I found the trigger for this condition. It only happens on our production servers where we run Django "under" gunicorn, and we have gunicorn configured to rotate the Python code after some number of requests. Thus, when gunicorn records this:
[2025-06-26 13:54:35 +0000] [1374160] [WARNING] Maximum request limit of 109 exceeded. Terminating process.
[2025-06-26 13:54:35 +0000] [1374160] [INFO] Shutting down
[2025-06-26 13:54:35 +0000] [1374160] [INFO] Error while closing socket [Errno 9] Bad file descriptor
[2025-06-26 13:54:35 +0000] [1374160] [INFO] connection closed
...
we can see the timestamp of 13:54:35 is close match for:
2025-06-26 13:54:35,202 [ERROR] carehare._consume_channel: Closing consumer
Traceback (most recent call last):
File "/home/ubuntu/venv/lib/python3.12/site-packages/channels_rabbitmq/reader.py", line 32, in consume_into_multi_queue_until_connection_close
body, delivery_tag = await consumer.next_delivery()

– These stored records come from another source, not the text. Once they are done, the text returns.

(* Ceq G T T'     stands for  (G |- T = T')                            *)
(* Cteq G T o o'  stands for  (G |- o = o' : T)                         *)

Definition eq_conditions (C : ctx -> Prop) (Ct : jdg -> Prop)
  (Ceq : ctx -> ety -> ety -> Prop) (Cteq : ctx -> ety -> tm -> tm -> Prop)
  : Prop :=
  (* Ceq, Ceq~ are subsets of their ambient sets *)
  (forall G T T', Ceq G T T' -> wf_ext G T /\ tag T' = size G) /\
  (forall G T o o', Cteq G T o o' ->
       wf_ext G T /\ tag o = size G /\ tag o' = size G) /\
  (* 2a *) (forall G T T', Ceq G T T' -> C (rcons G T)) /\
  (* 2b *) (forall G T, C (rcons G T) -> Ceq G T T) /\
  (* 2c *) (forall G T T', Ceq G T T' -> Ceq G T' T) /\
  (* 2d *) (forall G T T' T'', Ceq G T T' -> Ceq G T' T'' -> Ceq G T T'') /\
  (* 3a *) (forall G T o o', Cteq G T o o' -> Ct (G, T, o)) /\
  (* 3b *) (forall G T o, Ct (G, T, o) -> Cteq G T o o) /\
  (* 3c *) (forall G T o o', Cteq G T o o' -> Cteq G T o' o) /\
  (* 3d *) (forall G T o o' o'', Cteq G T o o' -> Cteq G T o' o'' ->
              Cteq G T o o'') /\
  (* 4a *) (forall G1 T T' G2 S S', Ceq G1 T T' ->
       Ceq (rcons G1 T ++ G2) S S' -> Ceq (rcons G1 T' ++ G2) S S') /\
  (* 4b *) (forall G1 T T' G2 S o o', Ceq G1 T T' ->
       Cteq (rcons G1 T ++ G2) S o o' -> Cteq (rcons G1 T' ++ G2) S o o') /\
  (* 4c *) (forall G S S' o o', Ceq G S S' -> Cteq G S o o' -> Cteq G S' o o') /\
  (* 5a *) (forall G1 T G2 S S', C (rcons G1 T) -> Ceq (G1 ++ G2) S S' ->
       Ceq (rcons G1 T ++ map (wkT (size G1)) G2)
           (wkT (size G1) S) (wkT (size G1) S')) /\
  (* 5b *) (forall G1 T G2 S o o', C (rcons G1 T) -> Cteq (G1 ++ G2) S o o' ->
       Cteq (rcons G1 T ++ map (wkT (size G1)) G2)
            (wkT (size G1) S) (wkt (size G1) o) (wkt (size G1) o')) /\
  (* 6a *) (forall G1 T G2 S S' r, Ceq (rcons G1 T ++ G2) S S' -> Ct (G1, T, r) ->
       Ceq (G1 ++ map (subT r) G2) (subT r S) (subT r S')) /\
  (* 6b *) (forall G1 T G2 S o o' r, Cteq (rcons G1 T ++ G2) S o o' ->
       Ct (G1, T, r) ->
       Cteq (G1 ++ map (subT r) G2) (subT r S) (subt r o) (subt r o')) /\
  (* 7a *) (forall G1 T G2 S r r', C (rcons (rcons G1 T ++ G2) S) ->
       Cteq G1 T r r' ->
       Ceq (G1 ++ map (subT r) G2) (subT r S) (subT r' S)) /\
  (* 7b *) (forall G1 T G2 S o r r', Ct (rcons G1 T ++ G2, S, o) ->
       Cteq G1 T r r' ->
       Cteq (G1 ++ map (subT r) G2) (subT r S) (subt r o) (subt r' o)).

(* on reversed sequences: (T_1..T_n) ~ (T'_1..T'_n) iff n = 0 or
   (ft ~ ft and (T_1..T_{n-1} |- T_n = T'_n)); different lengths never. *)
Fixpoint sim_rev (Ceq : ctx -> ety -> ety -> Prop) (rG rG' : seq ety) : Prop :=
  match rG, rG' with
  | [::], [::] => True
  | T :: rG1, T' :: rG1' => sim_rev Ceq rG1 rG1' /\ Ceq (rev rG1) T T'
  | _, _ => False
  end.

Definition phi_sim (C : ctx -> Prop) (Ceq : ctx -> ety -> ety -> Prop)
  (G G' : ctx) : Prop :=
  C G /\ C G' /\ sim_rev Ceq (rev G) (rev G').

Definition phi_simeq (C : ctx -> Prop) (Ct : jdg -> Prop)
  (Ceq : ctx -> ety -> ety -> Prop) (Cteq : ctx -> ety -> tm -> tm -> Prop)
  (J J' : jdg) : Prop :=
  Ct J /\ Ct J' /\ phi_sim C Ceq (bd J) (bd J') /\
  Cteq (jctx J) (jty J) (jtm J) (jtm J').

Definition psi_Ceq (C : ctx -> Prop) (sim : ctx -> ctx -> Prop)
  (G : ctx) (T T' : ety) : Prop :=
  C (rcons G T) /\ C (rcons G T') /\ sim (rcons G T) (rcons G T').

Definition psi_Cteq (Ct : jdg -> Prop) (simeq : jdg -> jdg -> Prop)
  (G : ctx) (T : ety) (o o' : tm) : Prop :=
  Ct (G, T, o) /\ Ct (G, T, o') /\ simeq (G, T, o) (G, T, o').
(* Let $k \ge 2$, $n \ge 1$ and $d \ge 1$ be integers, and let $f:[2k]^n \to \mathbb{R}^d$ satisfy $\|f(x_1,\ldots,x_n)\|_1 \le 1$ for all $x_1,\ldots,x_n \in [2k]$. For $0 \le \ell \le n$ and $x_1,\ldots,x_\ell \in [2k]$, let $f(x_1,\ldots,x_\ell)$ denote the average of $f(x_1,\ldots,x_n)$ over $x_{\ell+1},\ldots,x_n$ chosen uniformly and independently in $[2k]$. Suppose that for some $\varepsilon < 1/(k-1)$ the following holds for all $\ell \in [n]$, all $x_1,\ldots,x_{\ell-1} \in [2k]$ and all $r \in [k-1]$: $$\frac{1}{2k} \left\| \sum_{b=1}^r \bigl(f(x_1,\ldots,x_{\ell-1},b) + f(x_1,\ldots,x_{\ell-1},b+k)\bigr) - \sum_{b=r+1}^k \bigl(f(x_1,\ldots,x_{\ell-1},b) + f(x_1,\ldots,x_{\ell-1},b+k)\bigr) \right\|_1 \ge 1-\varepsilon.$$ Let $\delta := (k-1)\varepsilon/2$ (so $\delta < 1/2$). Then $$ d \ge 2^{(\log k - \delta \log (k-1) - H(\delta))n - 1} - \frac{1}{2}.$$
   Context: $[m]$ denotes $\{1,\ldots,m\}$. All logarithms are base $2$. $H(\delta) := -\delta \log \delta - (1-\delta)\log(1-\delta)$ is the binary entropy function (with $0\log 0 = 0$). $\|\cdot\|_1$ is the $\ell_1$ norm on $\mathbb{R}^d$. *)

From HB Require Import structures.
From mathcomp Require Import all_boot all_order all_algebra.
From mathcomp Require Import all_classical all_reals all_analysis.
Set Implicit Arguments. Unset Strict Implicit. Unset Printing Implicit Defensive.
Import Order.TTheory GRing.Theory Num.Theory.
Local Open Scope ring_scope.

(* R : realType. Points of [2k]^n are
   x : {ffun 'I_n -> 'I_(2*k)}, with the value j : 'I_(2k) standing for j+1. *)

Definition log2 {R : realType} (x : R) : R := ln x / ln 2.

Definition xlog2x {R : realType} (x : R) : R := if x == 0 then 0 else x * log2 x.
Definition Hbin {R : realType} (t : R) : R := - xlog2x t - xlog2x (1 - t).

Definition norm1 {R : realType} {d : nat} (v : 'rV[R]_d) : R :=
  \sum_(j < d) `|v 0 j|.

(* partial average f(x_1,...,x_m): average of f(y) over all y agreeing with
   x on the first m coordinates (0-based indices < m), the remaining n-m
   coordinates being uniform and independent in [2k]. *)
Definition pavg {R : realType} {k n d : nat}
  (f : {ffun 'I_n -> 'I_(2*k)} -> 'rV[R]_d) (m : nat) (x : {ffun 'I_n -> 'I_(2*k)})
  : 'rV[R]_d :=
  ((2 * k)%:R ^+ (n - m))^-1 *:
    \sum_(y : {ffun 'I_n -> 'I_(2*k)} | [forall j : 'I_n, (j < m)%N ==> (y j == x j)]) f y.

Definition setc {k n : nat} (x : {ffun 'I_n -> 'I_(2*k)}) (i : 'I_n) (b : 'I_(2*k))
  : {ffun 'I_n -> 'I_(2*k)} :=
  [ffun j => if j == i then b else x j].

From HB Require Import structures.
From mathcomp Require Import all_boot all_order all_algebra.
From mathcomp Require Import all_classical all_reals all_analysis.
From mathcomp Require Import lra ring zify.
Import Order.TTheory GRing.Theory Num.Theory.
Local Open Scope ring_scope.
Set Implicit Arguments. Unset Strict Implicit. Unset Printing Implicit Defensive.

(* Each [f y] is turned into a probability distribution [mass f y] on [2d+1]
   labels.  Given a label [l] and the prefix [x_1 .. x_(i-1)], the separation
   hypothesis at level [i], summed over all cuts [r], forces the conditional mass
   of [l] on the next coordinate to concentrate on one residue class modulo [k],
   the [prediction]; hence the expected number of mispredicted coordinates is at
   most [n delta].  For a fixed label the predictions form a decision tree, so
   [\sum_x w ^+ errors x l = (2 (1 + (k-1) w))^n] exactly.  Summing over the
   [2d+1] labels and using the convexity of [t |-> w `^ t] gives
   [k^n w^(n delta) <= (2d+1) (1 + (k-1) w)^n], and [w = delta / ((k-1)(1-delta))]
   turns this into the entropy bound. *)

Section Prefixes.
Variables k n : nat.
Local Notation X := {ffun 'I_n -> 'I_(2*k)}.

Definition prefix_eq (m : nat) (x y : X) : bool :=
  [forall j : 'I_n, (j < m)%N ==> (y j == x j)].

Lemma prefix_eqP m (x y : X) :
  reflect (forall j : 'I_n, (j < m)%N -> y j = x j) (prefix_eq m x y).
Proof.
apply: (iffP forallP) => H j; first by move=> hj; apply/eqP; have := H j; rewrite hj.
by apply/implyP => hj; apply/eqP; apply: H.
Qed.

Lemma prefix_eq_sym m (x y : X) : prefix_eq m x y = prefix_eq m y x.
Proof. by apply/prefix_eqP/prefix_eqP => H j hj; rewrite H. Qed.

Lemma prefix_eq_trans m (x y z : X) :
  prefix_eq m x y -> prefix_eq m y z -> prefix_eq m x z.
Proof. by move=> /prefix_eqP H1 /prefix_eqP H2; apply/prefix_eqP => j hj; rewrite H2 // H1. Qed.

Lemma prefix_eqW m m' (x y : X) : (m <= m')%N -> prefix_eq m' x y -> prefix_eq m x y.
Proof. by move=> hm /prefix_eqP H; apply/prefix_eqP => j hj; apply: H; apply: leq_trans hm. Qed.

Lemma prefix_eq_setc (i : 'I_n) (x y : X) b :
  prefix_eq i.+1 (setc x i b) y = prefix_eq i x y && (y i == b).
Proof.
apply/prefix_eqP/andP => [H|[/prefix_eqP H /eqP Hb] j hj].
  split; last by rewrite H // ffunE eqxx.
  apply/prefix_eqP => j hj; rewrite H ?ffunE; last exact: ltnW.
  by rewrite ifN // neq_ltn hj.
rewrite ffunE; case: eqP => [->//|hne]; apply: H.
by rewrite ltnS leq_eqVlt in hj; case/orP: hj => // /eqP/val_inj.
Qed.

Lemma prefix_eq_setc2 (i : 'I_n) (x y : X) b :
  prefix_eq i x y -> prefix_eq i.+1 (setc x i b) (setc y i b).
Proof.
move=> /prefix_eqP h; rewrite prefix_eq_setc ffunE !eqxx andbT.
by apply/prefix_eqP => j hj; rewrite ffunE ifN ?h // neq_ltn hj.
Qed.

Lemma big_prefix_eqS (T : Type) (idx : T) (op : Monoid.com_law idx) (i : 'I_n) x
    (F : X -> T) :
  \big[op/idx]_(y | prefix_eq i x y) F y =
  \big[op/idx]_(b : 'I_(2*k)) \big[op/idx]_(y | prefix_eq i.+1 (setc x i b) y) F y.
Proof.
rewrite (partition_big (fun y : X => y i) predT) //=.
by apply: eq_bigr => b _; apply: eq_bigl => y; rewrite prefix_eq_setc.
Qed.

Lemma card_prefix_eq m x : (m <= n)%N ->
  #|[pred y | prefix_eq m x y]| = ((2*k) ^ (n - m))%N.
Proof.
move=> /subnKC; move: (n - m)%N => t; elim: t m x => [|t IH] m x hm.
  rewrite addn0 in hm; subst m; rewrite expn0 -[RHS](card1 x); apply: eq_card => y.
  by rewrite !inE; apply/prefix_eqP/eqP => [H|->//]; apply/ffunP => j; apply: H.
have hmn : (m < n)%N by rewrite -hm addnS ltnS leq_addr.
rewrite -sum1_card (big_prefix_eqS _ (Ordinal hmn)) /=.
under eq_bigr do rewrite sum1_card IH ?addSnnS //.
by rewrite sum_nat_const card_ord expnS.
Qed.

Lemma sum_prefix_avg (R : realType) m (F : X -> R) : (0 < k)%N -> (m <= n)%N ->
  \sum_x F x = \sum_x ((2*k)%:R ^+ (n - m))^-1 * \sum_(y | prefix_eq m x y) F y.
Proof.
move=> hk hm; rewrite -big_distrr /= (exchange_big_dep predT) //=.
rewrite [in RHS](eq_bigr (fun y => F y * ((2*k)%:R ^+ (n-m)))).
  rewrite -big_distrl /= mulrCA mulVf ?mulr1 //.
  by rewrite expf_neq0 // pnatr_eq0 muln_eq0 /= -lt0n hk.
move=> y _; rewrite (eq_bigl (prefix_eq m y)) => [|x]; last by rewrite prefix_eq_sym.
by rewrite sumr_const -natrX -(card_prefix_eq y hm) mulr_natr.
Qed.

End Prefixes.

Section Halves.
Variable k : nat.

Let double_k : (k + k = 2 * k)%N. Proof. by rewrite mul2n addnn. Qed.

Definition lhalf (b : 'I_k) : 'I_(2*k) := cast_ord double_k (lshift k b).
Definition rhalf (b : 'I_k) : 'I_(2*k) := cast_ord double_k (rshift k b).

Lemma big_ord_halves (R : realType) (G : 'I_(2*k) -> R) :
  \sum_b G b = \sum_(b : 'I_k) (G (lhalf b) + G (rhalf b)).
Proof.
rewrite (reindex (cast_ord double_k)) /=; last first.
  exact/onW_bij/(Bijective (cast_ordK _) (cast_ordKV _)).
by rewrite big_split_ord big_split.
Qed.

Lemma lhalf_mod (b : 'I_k) : (lhalf b %% k = b)%N.
Proof. exact: modn_small (ltn_ord b). Qed.

Lemma rhalf_mod (b : 'I_k) : (rhalf b %% k = b)%N.
Proof. by change ((k + b) %% k = b)%N; rewrite modnDl modn_small. Qed.

End Halves.

Section Labels.
Variables (R : realType) (k n d : nat).
Local Notation X := {ffun 'I_n -> 'I_(2*k)}.
Variable f : X -> 'rV[R]_d.
Hypothesis hf : forall x, norm1 (f x) <= 1.

Definition label := (unit + 'I_d * bool)%type.

Definition mass (y : X) (l : label) : R :=
  match l with
  | inl _ => 1 - norm1 (f y)
  | inr (j, true) => Num.max (f y 0 j) 0
  | inr (j, false) => Num.max (- f y 0 j) 0
  end.

Lemma mass_ge0 y l : 0 <= mass y l.
Proof. by case: l => [_|[j []]] /=; rewrite ?subr_ge0 ?le_max ?lexx ?orbT. Qed.

Lemma sum_mass y : \sum_l mass y l = 1.
Proof.
have pos_neg (x : R) : Num.max x 0 + Num.max (- x) 0 = `|x|.
  have [h|h] := lerP 0 x.
    by rewrite ger0_norm // max_r ?addr0 // oppr_le0.
  by rewrite ltr0_norm // max_l ?add0r // oppr_ge0 ltW.
rewrite big_sumType /= (eq_bigl (pred1 tt)) ?big_pred1_eq => [/=|[]//].
rewrite (eq_bigr (fun p => mass y (inr (p.1, p.2)))) => [|[]//].
rewrite -(pair_bigA _ (fun j b => mass y (inr (j, b)))) /=.
rewrite (eq_bigr (fun j => `|f y 0 j|)) ?subrK // => j _.
by rewrite big_bool /= pos_neg.
Qed.

Lemma mass_le1 y l : mass y l <= 1.
Proof.
rewrite -(sum_mass y) (bigD1 l) //= lerDl.
by apply: sumr_ge0 => l' _; apply: mass_ge0.
Qed.

Lemma coord_mass y j : f y 0 j = mass y (inr (j, true)) - mass y (inr (j, false)).
Proof.
rewrite /=; have [h|h] := lerP 0 (f y 0 j).
  by rewrite max_r ?subr0 // oppr_le0.
by rewrite max_l ?sub0r ?opprK // oppr_ge0 ltW.
Qed.

Definition prefix_mass m (x : X) l : R :=
  ((2*k)%:R ^+ (n - m))^-1 * \sum_(y | prefix_eq m x y) mass y l.

Lemma prefix_mass_ge0 m x l : 0 <= prefix_mass m x l.
Proof.
rewrite /prefix_mass mulr_ge0 ?invr_ge0 ?exprn_ge0 ?ler0n //.
by apply: sumr_ge0 => y _; apply: mass_ge0.
Qed.

Lemma sum_prefix_mass m x : (0 < k)%N -> (m <= n)%N -> \sum_l prefix_mass m x l = 1.
Proof.
move=> hk hm; rewrite /prefix_mass -big_distrr /= exchange_big /=.
under eq_bigr do rewrite sum_mass.
rewrite sumr_const (_ : #|_| = ((2*k) ^ (n - m))%N); last first.
  by rewrite -(card_prefix_eq x hm); apply: eq_card => y; rewrite !inE.
rewrite -mulr_natr mul1r natrX mulVf //.
by rewrite expf_neq0 // pnatr_eq0 muln_eq0 /= -lt0n hk.
Qed.

Lemma prefix_mass_prefix_eq m x x' l :
  prefix_eq m x x' -> prefix_mass m x l = prefix_mass m x' l.
Proof.
move=> h; rewrite /prefix_mass; congr (_ * _); apply: eq_bigl => y.
by apply/idP/idP; apply: prefix_eq_trans; rewrite // prefix_eq_sym.
Qed.

Lemma pavg_prefix_mass m x j :
  pavg f m x 0 j = prefix_mass m x (inr (j, true)) - prefix_mass m x (inr (j, false)).
Proof.
rewrite /pavg /prefix_mass mxE summxE -mulrBr -sumrB; congr (_ * _).
by apply: eq_bigr => y _; rewrite coord_mass.
Qed.

End Labels.

Lemma ler_term_sum_nat (R : realType) (a b j : nat) (Q : nat -> R) :
  (forall i, (a <= i < b)%N -> 0 <= Q i) -> (a <= j < b)%N ->
  Q j <= \sum_(a <= i < b) Q i.
Proof.
move=> Q0 hj; rewrite (bigD1_seq j) ?iota_uniq ?mem_index_iota //= lerDl.
rewrite big_seq_cond; apply: sumr_ge0 => i /andP[hi _]; apply: Q0.
by rewrite mem_index_iota in hi.
Qed.

Section CutImbalance.
Variables (R : realType) (k m : nat) (Q : nat -> R).
Hypothesis m_lt : (m < k)%N.
Hypothesis Q_ge0 : forall b, (b < k)%N -> 0 <= Q b.
Hypothesis Q_max : forall b, (b < k)%N -> Q b <= Q m.

Local Notation S := (\sum_(0 <= b < k) Q b).

(* The cut [r] separates [Q (r - 1)] from [Q r]; whichever of the two is not the
   maximum [Q m] is counted on one side of the cut while [Q m] dominates it on the
   other side, so it is lost twice in the imbalance. *)
Let lost r := if (r <= m)%N then Q r.-1 else Q r.
(* Step 2: (w - bar w^k)^T Q (w^k - bar w^k)
   >= 1/2 (|w - w^{k+1}|_H^2 - |w - w^k|_H^2), because the difference is
   1/2 |w^k - bar w^k|_N^2 with N positive semidefinite for 0 < gamma < 2. *)
Lemma Qform_Hform (k : nat) (u : bv) (v : 'cV[R]_l) :
  (forall i, spd R (P i)) -> 0 < rho -> 0 < gamma < 2 -> G1_pd R m l n A rho P ->
  lgadmm x y ->
  2^-1 * (Hform u v (x k.+1) (y k.+1) - Hform u v (x k) (y k))
  <= Qform (fun i => u i - x k.+1 i) (fun i => x k i - x k.+1 i) (v - ybar k) (y k - ybar k).
Proof.
move=> hspd r0 hg hpd [_ Hk]; have [_ [_ Hy]] := Hk k.
have hP i : (P i)^T = P i by case: (hspd i).
have r0' : rho != 0 by apply: lt0r_neq0.
have g0' : gamma != 0 by case/andP: hg => g0 _; apply: lt0r_neq0.
have Hnext := Hform_blocks A rho gamma P u v (x k.+1) (y k.+1).
rewrite (dual_update v Hy (erefl (ybar k))) -mulmxBr in Hnext.
have Hcur := Hform_blocks A rho gamma P u v (x k) (y k).
have recenter : (fun i => u i - x k i) = (fun i => (u i - x k.+1 i) - (x k i - x k.+1 i)).
  by apply: functional_extensionality_dep => i; apply: sub_recenter.
rewrite recenter G1form_sub // (sub_recenter (u last) (x k last) (x k.+1 last)) in Hcur.
rewrite (sub_recenter v (y k) (ybar k)) vdot_quadB // (mulmxBr (A last)) in Hcur.
have hlast := Hlast_step (A last *m (u last - x k.+1 last))
   (A last *m (x k last - x k.+1 last)) (v - ybar k) (y k - ybar k) r0' g0'.
have nG := G1form_ge0 (fun i => x k i - x k.+1 i) hpd.
have nP := spd_ge0 (x k last - x k.+1 last) (hspd last).
have nY : 0 <= (2 - gamma) / rho * vdot (y k - ybar k) (y k - ybar k).
  apply: mulr_ge0; last exact: vdot_ge0.
  by apply: divr_ge0; [case/andP: hg => _ g2; lra | apply: ltW].
rewrite /Qform /=; lra.
Qed.
(* Let $d\geq 2$ and let $\varGamma$ be a lattice in $\mathbb{R}^d$ such that $\langle x,x\rangle\in\mathbb{Q}$ for all $x\in\varGamma$, where $\langle\cdot,\cdot\rangle$ is the standard scalar product on $\mathbb{R}^d$. If $d$ is even, then $\operatorname{SOS}(\varGamma)/\operatorname{SOC}(\varGamma)$ is an elementary Abelian $2$-group. If $d$ is odd, then $\operatorname{SOS}(\varGamma)=\operatorname{SOC}(\varGamma)$. In either case, $R^2\in\operatorname{SOC}(\varGamma)$ for every $R\in\operatorname{SOS}(\varGamma)$.
   Context: A lattice in $\mathbb{R}^d$ is a subgroup of the form $\mathbb{Z}b_1\oplus\cdots\oplus\mathbb{Z}b_d$ where $\{b_1,\dots,b_d\}$ is a basis of $\mathbb{R}^d$. Two lattices $\varGamma,\varGamma'$ are commensurate, written $\varGamma\sim\varGamma'$, if $\varGamma\cap\varGamma'$ has finite index both in $\varGamma$ and in $\varGamma'$. $\operatorname{SOC}(\varGamma)=\{R\in\operatorname{SO}(d):\varGamma\sim R\varGamma\}$ and $\operatorname{SOS}(\varGamma)=\{R\in\operatorname{SO}(d):\varGamma\sim\alpha R\varGamma\text{ for some }\alpha>0\}$; these are groups and $\operatorname{SOC}(\varGamma)$ is a normal subgroup of $\operatorname{SOS}(\varGamma)$. An elementary Abelian $2$-group is a direct sum of cyclic groups of order $2$ (possibly trivial). *)

From HB Require Import structures.
From mathcomp Require Import all_boot all_order all_algebra.
From mathcomp Require Import classical_sets reals.
Set Implicit Arguments. Unset Strict Implicit. Unset Printing Implicit Defensive.
Import Order.TTheory GRing.Theory Num.Theory.
Local Open Scope ring_scope.
Local Open Scope classical_set_scope.

Section Lattices.
Variables (R : realType) (d : nat).

Definition lattice_of (B : 'M[R]_d) : set 'cV[R]_d :=
  [set x | exists z : 'cV[int]_d, x = B *m map_mx (fun k : int => k%:~R) z].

^^^^^^^^^^^^^^^^^^^^^^^^^^^^^^
File "/home/ubuntu/venv/lib/python3.12/site-packages/carehare/_consume_channel.py", line 196, in next_delivery
return await _next_delivery(self._queue, self.closed)
^^^^^^^^^^^^^^^^^^^^^^^^^^^^^^^^^^^^^^^^^^^^^^
File "/home/ubuntu/venv/lib/python3.12/site-packages/carehare/_consume_channel.py", line 39, in _next_delivery
done, pending = await asyncio.wait(
^^^^^^^^^^^^^^^^^^^
File "/usr/lib/python3.12/asyncio/tasks.py", line 464, in wait
return await _wait(fs, timeout, return_when, loop)
^^^^^^^^^^^^^^^^^^^^^^^^^^^^^^^^^^^^^^^^^^^
File "/usr/lib/python3.12/asyncio/tasks.py", line 550, in _wait
await waiter
asyncio.exceptions.CancelledError
2025-06-26 13:54:35,442 [INFO] ...something else...
I also looked further into the CancelledError, and if it is decided that eating this exception is a good thing to do, then it would be worth considering the documentation at https://docs.python.org/3/library/asyncio-task.html#task-cancellation, and especially the bit about swallowing this exception. IIUC, I think it should be safe in this context because consume_into_multi_queue_until_connection_close is effectively at the top level (and anyway, the process is about to die).
Good sleuthing!
Now ... Still, what is calling cancel()? You can (and should) shutdown without it. Two reasons:
- Presumably you still have open Websockets connections. You should close those so the client knows to reconnect.
- At any given moment you may have pending deliveries en route to RabbitMQ. You shouldn't drop those.
Search for "graceful shutdown" ... It's a whole world.